Beyond Pork Belly: The Korean BBQ Cuts Worth Knowing About
Samgyeopsal and bulgogi are great, but Korean BBQ menus go much deeper. Here are five cuts that regulars order when they want something different.
Everyone has their first Korean BBQ experience. The sizzle, the smoke, the little plates arriving in waves. And inevitably, someone points at the menu and orders samgyeopsal and bulgogi, because those are the ones they know. No shame in that. They’re classics for a reason.
But once you’ve been to the same spot a few times, you start noticing what the table next to yours is ordering. Things you can’t immediately identify. Cuts that look different, smell different, and clearly have regulars who swear by them. Here’s a quick guide to five of those cuts: not must-tries, but worth a curious glance the next time you’re scanning the menu. Fair warning: the further down this list you go, the harder these get to find outside Korea, so availability will depend a lot on where you are and how well-stocked your local spot is.
The Familiar-ish
주물럭 (jumuteok) looks like bulgogi at first: thinly sliced beef, reddish marinade, the works. But jumuteok gets its name from the Korean verb meaning “to knead and massage,” which describes how the meat is worked by hand into a soy and sesame-based marinade. The result is beefier and a little less sweet than bulgogi, with a slightly more robust chew. If you like bulgogi but want something that feels a bit more grown-up, this is an easy next step.
갈매기살 (galmaegisaI) is where things get interesting. Despite the name (갈매기 means “seagull”), no birds are involved. The cut is actually pork skirt muscle, the diaphragm area, which is lean and dense with a pronounced, almost beefy flavor that surprises people expecting standard pork. It grills quickly and holds up well to wrapping in perilla leaf with a dab of doenjang paste. It’s quietly one of the more beloved cuts among regulars who find pork belly a bit too fatty.
The Ones That Make You Ask Questions
항정살 (hangjeongsal) is Iberico-level niche in Korea: pork jowl, the small muscle that runs along the neck. A single pig yields only a small amount, which is why it can run pricier than the standard cuts. The texture is the thing here: a satisfying bounce and marbling that makes each bite feel deliberate. It doesn’t need much. Salt, sesame oil, maybe a slice of raw garlic. If you’ve been to a spot that takes its meat seriously, this is probably on the menu.
Regulars don’t always order the famous cuts. Sometimes the best thing at a Korean BBQ restaurant is the one with the fewest English words in its description.
껍대기 (kkeopdaegi), or pork skin, is where the menu starts to divide people. The exterior gets blistered and crispy on the grill while the interior stays chewy, almost gelatinous. The contrast is either exactly what you want or completely not your thing, and there’s no predicting which camp you’ll fall into. It’s popular as a late-night order, often eaten alongside cold beer. Consider it an adventure, not a given.

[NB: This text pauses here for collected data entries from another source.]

(* Let $G$ be a finite group. Suppose there exist integers $1\le j<k$ such that $Z_{K_i}>Z_{K_{i-1}}$ and $[K_i,G]\le K_{i-1}$ for all integers $i$ with $j\le i\le k$. Then there is a prime $p$ such that $K_k/K_{j-1}$ and $Z_{K_k}/Z_{K_{j-1}}$ are $p$-groups. In particular, $K_i/K_{i-1}$ and $Z_{K_i}/Z_{K_{i-1}}$ are elementary abelian $p$-groups for every integer $i$ with $j\le i\le k$.
   Context: All groups are finite. For $\chi\in\mathrm{Irr}(G)$, the center of $\chi$ is $Z(\chi)=\{g\in G : |\chi(g)|=\chi(1)\}$. For a nonabelian group $H$, let $\mathcal{X}_H=\{\chi\in\mathrm{Irr}(H) : Z(\chi)>Z(H)\}$ (strict containment) and define $K(H)=\bigcap_{\chi\in\mathcal{X}_H}\ker(\chi)$; if $H$ is abelian, set $K(H)=H$. Define normal subgroups $K_i$ of $G$ by $K_0=1$ and $K_{i+1}/K_{i}=K(G/K_{i})$ for $i\ge 0$. For a normal subgroup $N$ of $G$, $Z_N$ is defined by $Z_N/N=Z(G/N)$. *)

From mathcomp Require Import all_boot all_order all_algebra all_fingroup all_solvable all_field all_character.
Set Implicit Arguments. Unset Strict Implicit. Unset Printing Implicit Defensive.
Import GRing.Theory Num.Theory.
Local Open Scope group_scope.
Local Open Scope ring_scope.

Definition Kfun (rT : finGroupType) (H : {group rT}) : {group rT} :=
  if abelian H then H
  else (\bigcap_(i : Iirr H | 'Z(H) \proper ('Z('chi[H]_i%R))%CF) cfker 'chi[H]_i%R)%G.

(* K_0 = 1, K_{i+1}/K_i = K(G/K_i). *)
Fixpoint Kser (gT : finGroupType) (G : {group gT}) (i : nat) : {group gT} :=
  match i with
  | 0 => 1%G
  | i'.+1 => (coset (Kser G i') @*^-1 Kfun (G / Kser G i')%G)%G
  end.

(* Z_N / N = Z(G/N). *)
Definition ZN (gT : finGroupType) (G N : {group gT}) : {group gT} :=
  (coset N @*^-1 'Z(G / N))%G.

From mathcomp Require Import all_boot all_order all_algebra all_fingroup all_solvable all_field all_character.

(* Write Z_N for the preimage of Z(G/N).  The only consequence of the
   definition of K that matters is: if L is normal in G, K_i <= L and
   K_(i+1) is not contained in L, then some irreducible chi with L <= ker chi
   is outside X_(G/K_i), whence Z_L <= Z(chi) <= Z_(K_i).
   On a layer N = K_(i-1) < M = K_i with [M, G] <= N, the group M/N is central
   in G/N, so L = {x in M | x^p in N} is a normal subgroup.  Take y in
   Z_M \ Z_N and a prime p with y^t outside Z_N but y^(tp) in Z_N; as
   [y^t, g]^p = [y^(tp), g] mod N, the element y^t lies in Z_L \ Z_N, which
   forces M <= L.  Hence M/N and Z_M/Z_N have exponent p.  The same trick with
   L = {x in K_(i+1) | x^r in K_(i-1)} shows that adjacent layers cannot
   carry different primes q and r, since x^q and x^r together generate <x>. *)

Set Implicit Arguments.
Unset Strict Implicit.
Unset Printing Implicit Defensive.
(* Let $k\ge 2$ be an integer and $n\ge 1$, $\ell\ge 0$ integers. Let ${\sf S}_k(n,\ell)$ denote the number of $k$-noncrossing RNA structures on $\{1,\dots,n\}$ with exactly $\ell$ isolated vertices, ${\sf S}_k(n)=\sum_{\ell}{\sf S}_k(n,\ell)$ the total number of $k$-noncrossing RNA structures on $\{1,\dots,n\}$, and $f_k(m,\ell)$ the number of $k$-noncrossing digraphs on $\{1,\dots,m\}$ with exactly $\ell$ isolated vertices (with $f_k(m,\ell)=0$ if $\ell>m$). Then $$ {\sf S}_k(n,\ell)=\sum_{b=0}^{\lfloor (n-\ell)/2\rfloor}(-1)^b\binom{n-b}{b}f_k(n-2b,\ell), $$ and $$ {\sf S}_k(n)=\sum_{b=0}^{\lfloor n/2\rfloor}(-1)^b\binom{n-b}{b}\left\{\sum_{\ell=0}^{n-2b}f_k(n-2b,\ell)\right\}. $$
   Context: A digraph on $\{1,\dots,n\}$ is a set of arcs $(i,j)$ with $1\le i<j\le n$. It is a $k$-noncrossing digraph if every vertex lies in at most one arc and there are no $k$ arcs $(i_1,j_1),\dots,(i_k,j_k)$ with $i_1<i_2<\dots<i_k<j_1<j_2<\dots<j_k$ (no $k$ mutually crossing arcs). A vertex is isolated if it lies in no arc. A $1$-arc is an arc of the form $(i,i+1)$. A $k$-noncrossing RNA structure is a $k$-noncrossing digraph containing no $1$-arc. Known facts (not part of the claim): $f_k(m,\ell)=\binom{m}{\ell}f_k(m-\ell,0)$, and $\sum_{m\ge 1}f_k(m,0)x^m/m!=\det[I_{i-j}(2x)-I_{i+j}(2x)]_{i,j=1}^{k-1}$, where $I_r(2x)=\sum_{j\ge 0}x^{2r+j}/(j!(r+j)!)$; multiplying by $e^x$ gives the exponential generating function of $\sum_{\ell}f_k(m,\ell)$. *)

(* Vertices {1,...,n} are modelled by 'I_n = {0,...,n-1}
   (order-preserving shift by one). *)
From mathcomp Require Import all_boot all_order all_algebra.
Set Implicit Arguments. Unset Strict Implicit. Unset Printing Implicit Defensive.

Definition arcset (n : nat) := {set ('I_n * 'I_n)}.

Definition is_digraph n (G : arcset n) : bool :=
  [forall a in G, (a.1 < a.2)%N].

Definition deg_le1 n (G : arcset n) : bool :=
  [forall a in G, forall b in G, (a != b) ==>
     [&& a.1 != b.1, a.1 != b.2, a.2 != b.1 & a.2 != b.2]].

(* G contains k arcs (i_1,j_1),...,(i_k,j_k) with
   i_1 < ... < i_k < j_1 < ... < j_k *)
Definition has_k_crossing k n (G : arcset n) : bool :=
  [exists f : {ffun 'I_k -> 'I_n * 'I_n},
     [&& [forall t : 'I_k, f t \in G],
         [forall s : 'I_k, forall t : 'I_k, ((s < t)%N ==>
             (((f s).1 < (f t).1)%N && ((f s).2 < (f t).2)%N))]
       & [forall s : 'I_k, forall t : 'I_k, ((f s).1 < (f t).2)%N]]].

Definition k_noncrossing_digraph k n (G : arcset n) : bool :=
  [&& is_digraph G, deg_le1 G & ~~ has_k_crossing k G].

Definition isolated n (G : arcset n) (v : 'I_n) : bool :=
  [forall a in G, (a.1 != v) && (a.2 != v)].

Definition n_isolated n (G : arcset n) : nat := #|[set v | isolated G v]|.

Definition has_1arc n (G : arcset n) : bool :=
  [exists a in G, (val a.2 == (val a.1).+1)].

Definition k_noncrossing_RNA k n (G : arcset n) : bool :=
  k_noncrossing_digraph k G && ~~ has_1arc G.

Definition fk (k m l : nat) : nat :=
  #|[set G : arcset m | k_noncrossing_digraph k G && (n_isolated G == l)]|.

Definition Skl (k n l : nat) : nat :=
  #|[set G : arcset n | k_noncrossing_RNA k G && (n_isolated G == l)]|.

Definition Sk (k n : nat) : nat :=
  #|[set G : arcset n | k_noncrossing_RNA k G]|.

From mathcomp Require Import all_boot all_order all_algebra.
From mathcomp Require Import zify.
Set Implicit Arguments. Unset Strict Implicit. Unset Printing Implicit Defensive.
(* For every finite simple graph $G$ with at least one edge, there exists a non-isolated vertex $v$ of $G$ such that $\alpha(G)=\alpha(G-v)\ge \alpha(G-N[v])+1$.
   Context: $\alpha(H)$ denotes the independence number of a graph $H$ (maximum size of an independent set). For $S\subseteq V(G)$, $G-S$ is the graph obtained by deleting the vertices of $S$ and their incident edges; $G-v=G-\{v\}$; $N[v]$ is the closed neighbourhood of $v$ (i.e. $v$ together with its neighbours). *)

From mathcomp Require Import all_boot.
Set Implicit Arguments. Unset Strict Implicit. Unset Printing Implicit Defensive.

Definition simple_graph (T : finType) (e : rel T) : Prop :=
  symmetric e /\ irreflexive e.

Definition independent (T : finType) (e : rel T) (I : {set T}) : bool :=
  [forall x in I, forall y in I, ~~ e x y].

Definition alpha_on (T : finType) (e : rel T) (S : {set T}) : nat :=
  \max_(I : {set T} | (I \subset S) && independent e I) #|I|.

Definition alpha (T : finType) (e : rel T) : nat := alpha_on e [set: T].

Definition closed_nbhd (T : finType) (e : rel T) (v : T) : {set T} :=
  v |: [set u | e v u].

Definition alpha_del (T : finType) (e : rel T) (S : {set T}) : nat :=
  alpha_on e (~: S).

From mathcomp Require Import all_boot.

Set Implicit Arguments.
Unset Strict Implicit.
Unset Printing Implicit Defensive.

(* A maximum independent set contains at most one endpoint of an edge, so some
   endpoint v of an edge lies outside it, and deleting v does not lower the
   independence number.  For any vertex v, adding v to an independent set of
   G - N[v] gives an independent set of G, so alpha(G - N[v]) < alpha(G). *)

Section IndependenceNumber.

Variables (T : finType) (e : rel T).

Lemma independentP (I : {set T}) :
  reflect {in I &, forall x y, ~~ e x y} (independent e I).
Proof.
apply: (iffP forallP) => [iI x y xI yI | iI x].
  by move: (iI x) => /implyP/(_ xI)/forallP/(_ y)/implyP/(_ yI).
by apply/implyP => xI; apply/forallP => y; apply/implyP => yI; apply: iI.
Qed.

Lemma independent0 : independent e set0.
Proof. by apply/independentP => x y; rewrite inE. Qed.

Lemma independentU1 (v : T) (J : {set T}) :
  symmetric e -> irreflexive e -> {in J, forall u, ~~ e v u} ->
  independent e J -> independent e (v |: J).
Proof.
move=> esym eirr nvJ /independentP iJ; apply/independentP => a b.
rewrite !inE => /predU1P[-> | aJ] /predU1P[-> | bJ].
- by rewrite eirr.
- exact: nvJ.
- by rewrite esym nvJ.
- exact: iJ.
Qed.

Lemma independent_edge (I : {set T}) (x y : T) :
  independent e I -> e x y -> (x \notin I) || (y \notin I).
Proof.
move=> /independentP iI exy; rewrite -negb_and.
by apply: contraL exy => /andP[xI yI]; apply: iI.
Qed.

Lemma alpha_on_ge (S I : {set T}) :
  I \subset S -> independent e I -> #|I| <= alpha_on e S.
Proof.
move=> sIS iI; apply: (@leq_bigmax_cond _ _ (fun J : {set T} => #|J|) I).
by rewrite sIS iI.
Qed.

Lemma alpha_on_subset (S S' : {set T}) :
  S \subset S' -> alpha_on e S <= alpha_on e S'.
Proof.
move=> sSS'; apply/bigmax_leqP => I /andP[sIS iI].
exact: alpha_on_ge (subset_trans sIS sSS') iI.
Qed.

Lemma alpha_on_attained (S : {set T}) :
  exists I : {set T}, [/\ I \subset S, independent e I & #|I| = alpha_on e S].
Proof.
have P0 : 0 < #|[pred I : {set T} | (I \subset S) && independent e I]|.
  by apply/card_gt0P; exists set0; rewrite inE sub0set independent0.
have [I] := eq_bigmax_cond (fun J : {set T} => #|J|) P0.
by rewrite inE => /andP[sIS iI] cardI; exists I.
Qed.

Lemma alpha_del_eq (S I : {set T}) :
  independent e I -> #|I| = alpha e -> [disjoint I & S] ->
  alpha_del e S = alpha e.
Proof.
move=> iI cardI dIS; apply/eqP; rewrite eqn_leq alpha_on_subset ?subsetT //=.
by rewrite -cardI alpha_on_ge // -disjoints_subset.
Qed.

Lemma alpha_del_closed_nbhd_lt (v : T) :
  symmetric e -> irreflexive e -> alpha_del e (closed_nbhd e v) < alpha e.
Proof.
move=> esym eirr; rewrite /alpha_del.
have [J [sJ iJ <-]] := alpha_on_attained (~: closed_nbhd e v).
have vJ : v \notin J by apply/negP => /(subsetP sJ); rewrite !inE eqxx.
have nvJ : {in J, forall u, ~~ e v u}.
  by move=> u /(subsetP sJ); rewrite !inE negb_or => /andP[].
have := cardsU1 v J; rewrite vJ add1n => <-.
exact: alpha_on_ge (subsetT _) (independentU1 esym eirr nvJ iJ).
Qed.

End IndependenceNumber.

Theorem lemma1 (T : finType) (e : rel T) :
  simple_graph e ->
  (exists x y : T, e x y) ->
  exists v : T,
    (exists u : T, e v u) /\
    alpha e = alpha_del e [set v] /\
    alpha_del e [set v] >= (alpha_del e (closed_nbhd e v)).+1.
Proof.
move=> [esym eirr] [x [y exy]].
have [I [_ iI cardI]] := alpha_on_attained e [set: T].
have [v [[u evu] vI]] : exists v, (exists u, e v u) /\ v \notin I.
  case/orP: (independent_edge iI exy) => [xI | yI].
    by exists x; split; [exists y |].
  by exists y; split; [exists x; rewrite esym |].
have del_v : alpha e = alpha_del e [set v].
  by rewrite (alpha_del_eq iI cardI) // disjoint_sym disjoints1.
exists v; split; first by exists u.
by split; rewrite -del_v //; apply: alpha_del_closed_nbhd_lt.
Qed.
Lemma chiR_indicator q a : @chiR R q a = \1_(`[a%:R / q%:R, a.+1%:R / q%:R[ : set R).
Proof.
apply/funext => t; rewrite indicE /chiR.
rewrite (_ : (t \in _) = (a%:R / q%:R <= t) && (t < a.+1%:R / q%:R)); first by case: ifP.
by apply/idP/idP; rewrite inE /= in_itv.
Qed.

Lemma measurable_chiR q a : measurable_fun setT (@chiR R q a).
Proof. by rewrite chiR_indicator; apply: measurable_indic; exact: measurable_itv. Qed.

Lemma integrable_chiR q a : mu.-integrable I01 (EFin \o chiR q a).
Proof.
apply: measurable_bounded_integrable => //.
- by move: lebesgue_measure_I01 => /= ->; exact: ltry.
- exact: measurable_funS (measurable_chiR q a).
- exists 1; split => // x x1 y _ /=; rewrite ger0_norm ?chiR_ge0 //.
  exact: le_trans (chiR_le1 _ _ _) (ltW x1).
Qed.

Lemma Rintegral_chiR q a : (0 < q)%N -> (a < q)%N ->
  \int[mu]_(t in I01) chiR q a t = q%:R^-1.
Proof.
move=> q0 aq; have qR : 0 < (q%:R : R) by rewrite ltr0n.
rewrite /Rintegral chiR_indicator integral_indic; [|exact: measurable_itv..].
have -> : `[a%:R / q%:R, a.+1%:R / q%:R[ `&` I01 = `[a%:R / q%:R, a.+1%:R / q%:R[.
  apply/seteqP; split => t; first by move=> [].
  move=> /= ht; split => //; move: ht; rewrite /= !in_itv /= => /andP[h1 h2].
  have : 0 <= a%:R / q%:R :> R by rewrite divr_ge0.
  have : a.+1%:R / q%:R <= 1 :> R by rewrite ler_pdivrMr // mul1r ler_nat.
  by move=> ? ?; apply/andP; split; lra.
have := @lebesgue_measure_itv R `[a%:R / q%:R, a.+1%:R / q%:R[%R; move=> /= ->.
rewrite lte_fin ltr_pM2r ?invr_gt0 // ltr_nat ltnSn /=.
by rewrite -mulrBl -natrB // subSnn mul1r.
Qed.

Lemma integrableZl_EFin (k : R) f : mu.-integrable I01 (EFin \o f) ->
  mu.-integrable I01 (EFin \o (fun t => k * f t)).
Proof.
move=> h; have := integrableZl mI01 k h.
by apply: eq_integrable => // t _ /=; rewrite EFinM.
Qed.

Lemma integrable_sum_EFin (I : finType) (F : I -> R -> R) :
  (forall r, mu.-integrable I01 (EFin \o F r)) ->
  mu.-integrable I01 (EFin \o (fun t => \sum_r F r t)).
Proof.
move=> h; have := @integrable_sum _ _ _ mu _ mI01 I (index_enum I) xpredT
  (fun r t => (F r t)%:E) (fun r _ => h r).
by apply: eq_integrable => // t _ /=; rewrite sumEFin.
Qed.

Lemma Rintegral_sum (I : finType) (F : I -> R -> R) :
  (forall r, mu.-integrable I01 (EFin \o F r)) ->
  \int[mu]_(t in I01) (\sum_r F r t) = \sum_r \int[mu]_(t in I01) F r t.
Proof.
move=> hF; rewrite /Rintegral.
under eq_integral do rewrite -sumEFin.
rewrite (@integral_sum _ _ _ mu _ mI01 _ (fun r t => (F r t)%:E) hF).
by rewrite sum_fine // => r _; exact: (integrable_fin_num mI01 (hF r)).
Qed.

Section TestFunctionIntegrals.
Variable p : nat.
Hypothesis p_gt0 : (0 < p)%N.
Let p2_gt0 : (0 < 2 * p)%N. Proof. by rewrite muln_gt0. Qed.

Lemma integrable_chiR_same_cell (m : 'I_p) s :
  mu.-integrable I01 (EFin \o (fun t => chiR p m t * same_cell p s t)).
Proof.
have := integrableZl_EFin (chiR p m s) (integrable_chiR p m).
by apply: eq_integrable => // t _ /=; rewrite chiR_same_cell.
Qed.

Lemma Rintegral_chiR_same_cell (m : 'I_p) s :
  \int[mu]_(t in I01) (chiR p m t * same_cell p s t) = chiR p m s / p%:R.
Proof.
under eq_Rintegral do rewrite chiR_same_cell //.
by rewrite RintegralZl ?integrable_chiR // Rintegral_chiR.
Qed.

Lemma integrable_chiR_haar (m : 'I_p) :
  mu.-integrable I01 (EFin \o (fun t => chiR p m t * haar p t)).
Proof.
have := integrableB mI01 (integrable_chiR (2 * p) (2 * m))
  (integrable_chiR (2 * p) (2 * m).+1).
by apply: eq_integrable => // t _ /=; rewrite chiR_haar.
Qed.

Lemma Rintegral_chiR_haar (m : 'I_p) :
  \int[mu]_(t in I01) (chiR p m t * haar p t) = 0.
Proof.
under eq_Rintegral do rewrite chiR_haar //.
rewrite RintegralB ?integrable_chiR //.
by have m_lt := ltn_ord m; rewrite !Rintegral_chiR ?subrr //; lia.
Qed.

Lemma integrable_left_half s : mu.-integrable I01 (EFin \o left_half p s).
Proof. by apply: integrable_sum_EFin => m; exact: integrableZl_EFin (integrable_chiR _ _). Qed.

Lemma Rintegral_left_half s : 0 <= s < 1 ->
  \int[mu]_(t in I01) left_half p s t = (2 * p)%:R^-1.
Proof.
move=> hs; rewrite Rintegral_sum => [|m]; last exact: integrableZl_EFin (integrable_chiR _ _).
transitivity ((\sum_(m < p) chiR p m s) * (2 * p)%:R^-1).
  rewrite mulr_suml; apply: eq_bigr => m _; have m_lt := ltn_ord m.
  by rewrite RintegralZl //; [rewrite Rintegral_chiR //; lia|exact: integrable_chiR].
by rewrite sum_chiR ?mul1r.
Qed.

Lemma measurable_same_cell s : measurable_fun setT (same_cell p s).
Proof.
by apply: measurable_sum => m; apply: measurable_funM => //; exact: measurable_chiR.
Qed.

Lemma measurable_haar : measurable_fun setT (@haar R p).
Proof. by apply: measurable_sum => m; apply: measurable_funB; exact: measurable_chiR. Qed.

End TestFunctionIntegrals.
End UnitIntervalIntegrals.

Section CubeIntegrals.
Local Open Scope classical_set_scope.
Variable R : realType.
Local Notation mu := (@lebesgue_measure R).
Local Notation I01 := (`[(0:R), (1:R)[ : set (measurableTypeR R)).

Let mI01 : measurable I01. Proof. exact: measurable_itv. Qed.

Lemma in_cube_cons n (t : R) (y : n.-tuple R) :
  in_cube (cons_tuple t y) <-> (0 <= t < 1) /\ in_cube y.
Proof.
have tnth_cons j : tnth (cons_tuple t y) (lift ord0 j) = tnth y j by rewrite !(tnth_nth 0).
split => [h|[ht hy] j].
  by split=> [|j]; [have := h ord0 | rewrite -tnth_cons].
by case: (unliftP ord0 j) => [j'|] ->; [rewrite tnth_cons | rewrite (tnth_nth 0)].
Qed.

Lemma in_cube0 (y : 0.-tuple R) : in_cube y.
Proof. by case. Qed.

Lemma eq_riint n (f g : n.-tuple R -> R) :
  (forall y, in_cube y -> f y = g y) -> riint f = riint g.
Proof.
elim: n f g => [|n IH] f g fg /=; first exact/fg/in_cube0.
apply: eq_Rintegral => t; rewrite inE /= in_itv /= => ht.
by apply: IH => y hy; apply/fg/in_cube_cons.
Qed.

Lemma riint_prod n (I : finType) (c : I -> R) (phi : I -> 'I_n -> R -> R) :
  (forall r l, mu.-integrable I01 (EFin \o phi r l)) ->
  riint (fun y => \sum_r c r * \prod_l phi r l (tnth y l)) =
  \sum_r c r * \prod_l \int[mu]_(t in I01) phi r l t.
Proof.
elim: n c phi => [|n IH] c phi phi_int /=.
  by apply: eq_bigr => r _; rewrite !big_ord0.
pose K r := \prod_(l < n) \int[mu]_(t in I01) phi r (lift ord0 l) t.
have inner t : riint (fun y : n.-tuple R =>
      \sum_r c r * \prod_(l < n.+1) phi r l (tnth (cons_tuple t y) l)) =
    \sum_r (c r * phi r ord0 t * K r).
  rewrite -(IH (fun r => c r * phi r ord0 t) (fun r l => phi r (lift ord0 l))) //.
  congr riint; apply/funext => y; apply: eq_bigr => r _.
  rewrite big_ord_recl mulrA (tnth_nth 0); congr (_ * _).
  by apply: eq_bigr => l _; rewrite !(tnth_nth 0).
under eq_Rintegral do rewrite inner.
rewrite Rintegral_sum => [|r]; last first.
  have := integrableZl_EFin (c r * K r) (phi_int r ord0).
  by apply: eq_integrable => // t _ /=; congr EFin; ring.
apply: eq_bigr => r _; under eq_Rintegral => t _ do rewrite mulrAC.
by rewrite RintegralZl // big_ord_recl /K; ring.
Qed.

(* Unlike [ge0_le_integral], no measurability is required: the sections of
   an iterated integral over the cube need not be known to be measurable. *)
Lemma le_integral_ge0 (D : set (measurableTypeR R)) (f1 f2 : R -> \bar R) :
  (forall x, D x -> 0 <= f1 x)%E -> (forall x, D x -> f1 x <= f2 x)%E ->
  (\int[mu]_(x in D) f1 x <= \int[mu]_(x in D) f2 x)%E.
Proof.
move=> f1_ge0 f12; rewrite !ge0_integralE // => [|x Dx]; last first.
  exact: le_trans (f1_ge0 x Dx) (f12 x Dx).
apply: ereal_sup_le => _ /= [h hh <-]; exists h => // x.
apply: le_trans (hh x) _.
by rewrite /patch; case: ifP => // /set_mem Dx; exact: f12.
Qed.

The One That Comes With a Caveat
막창 (makchang) is pork large intestine, and yes, you should know that going in. It’s deeply savory, slightly funky in the best possible way, and has a chew that’s unlike anything else on a Korean BBQ menu. Grilled over charcoal, the edges get slightly crispy while the inside stays rich and yielding. In Daegu, it’s practically a civic institution, eaten with green onion salad and soju at late-night spots that have been doing exactly this for decades.
This is not the cut to order if you’re on the fence about offal. But if you’ve made it through beef tripe at a dim sum cart or eaten menudo without issue, makchang is a natural next step. Worth trying at least once, with people who can talk you through it.